The Actors’ Gang, led by Artistic Director Tim Robbins, has been bringing theater into the California correctional system since 2006.

For 17 years, the teaching artists of the theater’s Prison Project have been creating transformational opportunities for incarcerated men and women.

After a successful, sold-out, extended run of “(Im)migrants of the State” in early 2023, the 90-minute play returns to The Actors’ Gang in a limited run for six performances, Jan. 19-28.

“(Im)migrants of the State” weaves together self-reflection and humor, through authentic voices on their journey toward redemption and healing.

The show is created and performed by an ensemble of Prison Project alumni with more than 240 years of combined incarceration, telling powerful, inspirational stories that speak to anyone who has ever lost hope or lived their life in fear and regret.

Every performance culminates in a moment called Red Hot Sharing, which allows participants the opportunity to share and release anything that could hinder them from doing the work while providing ensemble members the space to check with themselves emotionally.

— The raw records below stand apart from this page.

Definition skew_local (I : R -> Prop) (s d : R -> R) : Prop :=
  sunit I s d sone /\ ~ sunit I s d szero /\
  (forall f g, ~ sunit I s d f -> ~ sunit I s d g -> ~ sunit I s d (sadd f g)) /\
  (forall a f h, ~ sunit I s d f -> is_mul I s d a f h -> ~ sunit I s d h) /\
  (forall a f h, ~ sunit I s d f -> is_mul I s d f a h -> ~ sunit I s d h).

End SkewSeries.

From mathcomp Require Import all_boot all_order all_algebra.
From mathcomp Require Import zify.
From Stdlib Require Import FunctionalExtensionality IndefiniteDescription.
Import GRing.Theory.
Local Open Scope ring_scope.
Set Implicit Arguments. Unset Strict Implicit. Unset Printing Implicit Defensive.

(* Write m for the maximal ideal and A for R[[X; sigma, delta]]. Left multiplication
   by X sends the coefficients v_t to sigma(v_(t-1)) + delta(v_t); as sigma preserves m
   and delta raises the m-adic order by one, X^i v has its t-th coefficient in m^(i-t).
   Hence truncated products converge m-adically, their limits multiply associatively,
   and the constant coefficient of f g is f_0 g_0 modulo m.
   If f_0 is a unit, the Newton step g |-> g + f_0^-1 (1 - f g) raises the (m, X)-adic
   order of the defect 1 - f g by one, so completeness yields a right inverse g; then
   g_0 is a unit too, g has a right inverse h, and f = f (g h) = (f g) h = h.
   Conversely f g = 1 gives f_0 g_0 in 1 + m, so f_0 is a unit as R is local, and
   the locality of A is inherited from that of R through constant coefficients. *)

Section IdealAdic.
Variables (R : unitRingType) (I : R -> Prop).
Hypothesis I0 : I 0.
Hypothesis I_add : forall x y, I x -> I y -> I (x + y).
Hypothesis I_mull : forall a x, I x -> I (a * x).
Hypothesis I_mulr : forall a x, I x -> I (x * a).
(* Let $r\ge 3$ and let $\mathcal H=(V,E)$ be an $r$-uniform bi-hypergraph with $|V|=2r$. If $|E|<\binom{2r}{r}/2$, then $\mathcal H$ is colorable.
   Context: A bi-hypergraph $\mathcal H=(V,E)$ consists of a finite vertex set $V$ and a set $E$ of subsets of $V$, called edges, with no edge contained in another. It is $r$-uniform if every edge has exactly $r$ elements. A mapping $f:V\to\mathbb N$ is a proper coloring of $\mathcal H$ if $1<|f(e)|<|e|$ for every $e\in E$, where $f(e)=\{f(v):v\in e\}$. $\mathcal H$ is colorable if it has a proper coloring. *)

From mathcomp Require Import all_boot.
Set Implicit Arguments. Unset Strict Implicit. Unset Printing Implicit Defensive.

Definition bihypergraph (V : finType) (E : {set {set V}}) : Prop :=
  forall e1 e2, e1 \in E -> e2 \in E -> e1 \subset e2 -> e1 = e2.

Definition uniform (V : finType) (r : nat) (E : {set {set V}}) : Prop :=
  forall e, e \in E -> #|e| = r.

Definition proper_coloring (V : finType) (E : {set {set V}}) (f : V -> nat) : Prop :=
  forall e, e \in E -> 1 < size (undup [seq f v | v <- enum e]) < #|e|.

Definition colorable (V : finType) (E : {set {set V}}) : Prop :=
  exists f : V -> nat, proper_coloring E f.

From mathcomp Require Import all_boot.

(* Fewer than half of the r-subsets of V are edges, and complementation is a
   bijection on r-subsets (|V| = 2r), so some r-subset S is such that neither
   S nor its complement is an edge.  Colour V by membership in S: an edge e of
   size r different from S and from ~S meets both S and ~S, so it sees exactly
   two colours, and 1 < 2 < r. *)

Lemma exists_set_avoiding_with_complement (V : finType) (E : {set {set V}}) (k : nat) :
  2 * #|E| < 'C(#|V|, k) ->
  exists S : {set V}, [/\ #|S| = k, S \notin E & ~: S \notin E].
Proof.
move=> hE; suff /existsP [S /and3P [/eqP cS SE CSE]] :
    [exists S : {set V}, [&& #|S| == k, S \notin E & ~: S \notin E]] by exists S.
apply: contraLR hE => /existsPn noS; rewrite -leqNgt -card_draws.
have cover : [set A : {set V} | #|A| == k] \subset E :|: [set ~: A | A in E].
  apply/subsetP => A; rewrite !inE => /eqP cA.
  have := noS A; rewrite cA eqxx /= negb_and !negbK => /orP [-> // | CAE].
  by apply/orP; right; apply/imsetP; exists (~: A); rewrite ?setCK.
apply: leq_trans (subset_leq_card cover) _.
by rewrite mul2n -addnn (leq_trans (leq_card_setU _ _)) ?leq_add ?leq_imset_card.
Qed.

Lemma indicator_colors_split (V : finType) (S e : {set V}) :
  ~~ (e \subset S) -> ~~ (e \subset ~: S) ->
  size (undup [seq nat_of_bool (v \in S) | v <- enum e]) = 2.
Proof.
move=> /subsetPn [x xe xS] /subsetPn [y ye]; rewrite inE negbK => yS.
apply/anti_leq/andP; split.
  apply: (@uniq_leq_size _ _ [:: 0; 1]) => [|c]; first exact: undup_uniq.
  by rewrite mem_undup => /mapP [v _ ->]; rewrite !inE; case: (v \in S).
apply: (@uniq_leq_size _ [:: 0; 1]) => // c; rewrite !inE mem_undup.
by case/orP => /eqP ->; apply/mapP;
  [exists x | exists y]; rewrite ?mem_enum ?(negbTE xS) ?yS.
Qed.

Lemma not_subset_of_same_size (V : finType) (A B : {set V}) :
  #|B| <= #|A| -> A != B -> ~~ (A \subset B).
Proof. by move=> cBA; apply: contra => sAB; rewrite eqEcard sAB. Qed.

Theorem mainTheorem8 (r : nat) (V : finType) (E : {set {set V}}) :
  3 <= r -> bihypergraph E -> uniform r E -> #|V| = 2 * r ->
  2 * #|E| < 'C(2 * r, r) -> colorable E.
Proof.
move=> r3 _ unif cardV; rewrite -cardV.
case/exists_set_avoiding_with_complement => S [cS SE CSE].
have cCS : #|~: S| = r by rewrite cardsCs setCK cS cardV mul2n -addnn addnK.
exists (fun v => nat_of_bool (v \in S)) => e eE.
have ce := unif e eE.
have neS : e != S by apply: contraNneq SE => <-.
have neCS : e != ~: S by apply: contraNneq CSE => <-.
rewrite indicator_colors_split ?ce //.
- by apply: not_subset_of_same_size neS; rewrite ce cS.
- by apply: not_subset_of_same_size neCS; rewrite ce cCS.
Qed.
Lemma rsubmod_nonzero (C : {set KGl}) :
  rsubmod C -> C != [set 0 : KGl] -> exists2 c, c \in C & c != 0.
Proof.
case=> C0 _ _ CN0; have /set0Pn[c] : C :\ (0 : KGl) != set0.
  apply: contraNneq CN0 => /eqP; rewrite setD_eq0 => sC0.
  by rewrite eqEsubset sC0 sub1set C0.
by rewrite in_setD1 => /andP[c0 Cc]; exists c.
Qed.

Lemma rwt_mul_le_wtl (d : nat) (c c' : KGl) :
  (forall j, c' j != 0 -> (d <= wt (c j))%N) -> (rwt c' * d <= wtl c)%N.
Proof.
move=> wt_c; rewrite /wtl (bigID (fun j => c' j != 0)) /= -sum_nat_const.
apply: leq_trans (leq_addr _ _); rewrite (eq_bigl (fun j => c' j != 0)).
  exact: leq_sum.
by move=> j; rewrite inE.
Qed.

End RightMultiplication.

Lemma bigminn_le (I : finType) (P : pred I) (F : I -> nat) d j :
  P j -> (\big[minn/d]_(i | P i) F i <= F j)%N.
Proof. exact: (@Order.TotalTheory.bigmin_le_cond _ nat I d j P F). Qed.

Section MinimumWeight.

Variables (T : finType) (z : T) (w : T -> nat) (A : {set T}).

Lemma mind_le x : x \in A -> x != z -> (mind z w A <= w x)%N.
Proof. by move=> xA xz; apply: bigminn_le; rewrite xA xz. Qed.

Lemma le_mind n x0 : x0 \in A -> x0 != z ->
  (forall x, x \in A -> x != z -> n <= w x)%N -> (n <= mind z w A)%N.
Proof.
move=> x0A x0z w_ge; apply: (big_ind (fun v => n <= v)%N).
- by apply: leq_trans (w_ge _ x0A x0z) _; rewrite (bigD1 x0) //= leq_maxl.
- by move=> u v nu nv; rewrite leq_min nu nv.
- by move=> x /andP[]; apply: w_ge.
Qed.

End MinimumWeight.

Section BlockDecomposition.

Variables (K : finFieldType) (gT : finGroupType) (s l : nat).
Variable f : 'I_s.+1 -> KG K gT.
Hypothesis f_central : forall i, central (f i).
Hypothesis f_idem : forall i, idem (f i).
Hypothesis f_orth : forall i j, i != j -> gamul (f i) (f j) = 0.
Hypothesis f_sum : \sum_(i < s.+1) f i = gaone K gT.

Local Notation KGl := {ffun 'I_l -> KG K gT}.

Variable C : {set KGl}.
Hypothesis C_submod : rsubmod C.

Lemma rmul_idem_proj i k (x : KGl) :
  rmul (rmul x (f i)) (f k) = if i == k then rmul x (f i) else 0.
Proof.
rewrite rmulA; case: eqP => [<-|/eqP ik]; first by rewrite f_idem.
by rewrite f_orth // rmul0r.
Qed.

Lemma rmul_idem_decomp (x : KGl) : x = \sum_(i < s.+1) rmul x (f i).
Proof. by rewrite -rmul_sumr f_sum rmul1. Qed.

Lemma mem_compC i x : (x \in compC f C i) = (x \in C) && (rmul x (f i) == x).
Proof.
apply/imsetP/andP => [[c Cc ->]|[Cx /eqP xfi]]; last by exists x.
case: C_submod => _ _ CM; split; first exact: CM.
by rewrite rmul_idem_proj eqxx.
Qed.

Lemma compC_block i c j : c \in compC f C i -> c j \in block f i.
Proof.
rewrite mem_compC => /andP[_ /eqP <-]; rewrite ffunE.
by apply/imsetP; exists (c j); rewrite ?f_central.
Qed.

Lemma compC0 i : 0 \in compC f C i.
Proof. by case: C_submod => C0 _ _; rewrite mem_compC C0 rmul0l eqxx. Qed.

Lemma compCD i x y :
  x \in compC f C i -> y \in compC f C i -> x + y \in compC f C i.
Proof.
rewrite !mem_compC => /andP[Cx /eqP xf] /andP[Cy /eqP yf].
by rewrite rmulDl xf yf eqxx andbT; case: C_submod => _ CD _; apply: CD.
Qed.

Lemma compC_rmul_block i x b :
  x \in compC f C i -> b \in block f i -> rmul x b \in compC f C i.
Proof.
rewrite !mem_compC => /andP[Cx _] /imsetP[a _ ->].
rewrite rmulA gamulA -f_central -gamulA f_idem eqxx andbT.
by case: C_submod => _ _ CM; apply: CM.
Qed.

Lemma rmul_sum_compC (cs : 'I_s.+1 -> KGl) k :
  (forall i, cs i \in compC f C i) -> rmul (\sum_(i < s.+1) cs i) (f k) = cs k.
Proof.
move=> csC; have csf i : rmul (cs i) (f i) = cs i.
  by apply/eqP; move: (csC i); rewrite mem_compC => /andP[].
rewrite rmul_suml (bigD1 k) //= big1 ?addr0; first by rewrite csf.
by move=> i ik; rewrite -csf rmul_idem_proj (negbTE ik).
Qed.

Lemma rsubmod_decomp c :
  c \in C <-> exists cs : 'I_s.+1 -> KGl,
    (forall i, cs i \in compC f C i) /\ c = \sum_(i < s.+1) cs i.
Proof.
split=> [Cc|[cs [csC ->]]].
  exists (fun i => rmul c (f i)); split; last exact: rmul_idem_decomp.
  by move=> i; apply/imsetP; exists c.
apply: rsubmod_sum => // i _.
by move: (csC i); rewrite mem_compC => /andP[].
Qed.
(* The equilibrium is ((d2 ystar^2, ystar), (1/ystar - u0)/KI).  The characteristic
   polynomial s^3 + a2 s^2 + a1 s - KI of the linearisation there has negative constant
   term, hence a root lam > 0.  In linear coordinates (xi, eta, zeta) adapted to lam, xi
   grows like exp(lam t) up to quadratic terms, while zeta^2 + b0 eta^2 does not grow
   under the linear flow on the complementary invariant plane.  Hence
   V = xi - beta (zeta^2 + b0 eta^2) is a Chetaev function: in a small box around the
   equilibrium, V' >= lam V / 2 wherever V > 0.  Starting from V = sigma > 0 arbitrarily
   close to the equilibrium, a solution must therefore leave the box.  Solutions are
   obtained by Picard iteration for the vector field clamped to the box, which is
   bounded and globally Lipschitz and agrees with the original field inside the box. *)

Lemma Rabs_add_le x y A B : Rabs x <= A -> Rabs y <= B -> Rabs (x + y) <= A + B.
Proof. intros. eapply Rle_trans; [apply Rabs_triang | lra]. Qed.

Lemma Rabs_sub_le x y A B : Rabs x <= A -> Rabs y <= B -> Rabs (x - y) <= A + B.
Proof. intros. apply Rabs_add_le; auto. rewrite Rabs_Ropp; auto. Qed.

Lemma Rabs_mul_le x y A B : Rabs x <= A -> Rabs y <= B -> Rabs (x * y) <= A * B.
Proof. intros. rewrite Rabs_mult. apply Rmult_le_compat; auto; apply Rabs_pos. Qed.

I recently spoke to Loncka (JL) and Loya (RL) about the upcoming show.

DD: Describe the show.

RL: There are 13 formerly incarcerated human beings who learned a style of theater since coming home. The name is controversial. Most of us in the cast are Mexican. Our parents are immigrants. Inside they move you from prison to prison. It happens all the time. Sometimes the facility you’re in gets over-populated. We have no choice. Now, sometimes we do ask for transfers as we lower our points.

DD: What are points?

RL: There are four levels. You want to work down to level two because it’s more laid back, more are going home. You lower your points by behavior, no write-ups. It’s the story of 13 people, telling one story. We talk about how we were brought up, the low incomes.  I am part of the 13. I was a lifer. Inside I met Jeremie. He came into the prison I was in. He taught us the style of theater. Now, I am co-program manager of the program. We are in 14 prisons.

RL: We had no arts in South Central where I grew up. I played at the park and the YMCA. There are no arts. No history of me with arts. Being incarcerated, I had disconnected from my humanity. In the class, they were there for seven days straight. By the third day, I started to feel something. I started to reconnect with the emotions that I had put away. You can’t show emotions. You can’t be sad or show weakness. You have to become this other person to survive in prison. We no longer live, we survive. I have since been reconnected with my emotions.

DD: Why do we need to hear from the formerly incarcerated?

JL: For a long time the doors were closed. The three strikes law was introduced. It put people away for a very long time. Good people who made a bad choice. Guys are in there for petty crimes and they are doing time — doing more than some people who did serious crimes.

RL: We are hungry and eager and want to get our life started. We have a lot to offer. I grew up with Blacks. They were my friends. I didn’t allow myself to become racist. You have to separate yourself from having Black friends. In the class, it forces us to work together. We create plays inside. You have to work with Blacks and whites, Islanders and South Americans. You build a community inside. When we come home, we bring it with us. We have Blacks, Mexicans, whites, Asians and women.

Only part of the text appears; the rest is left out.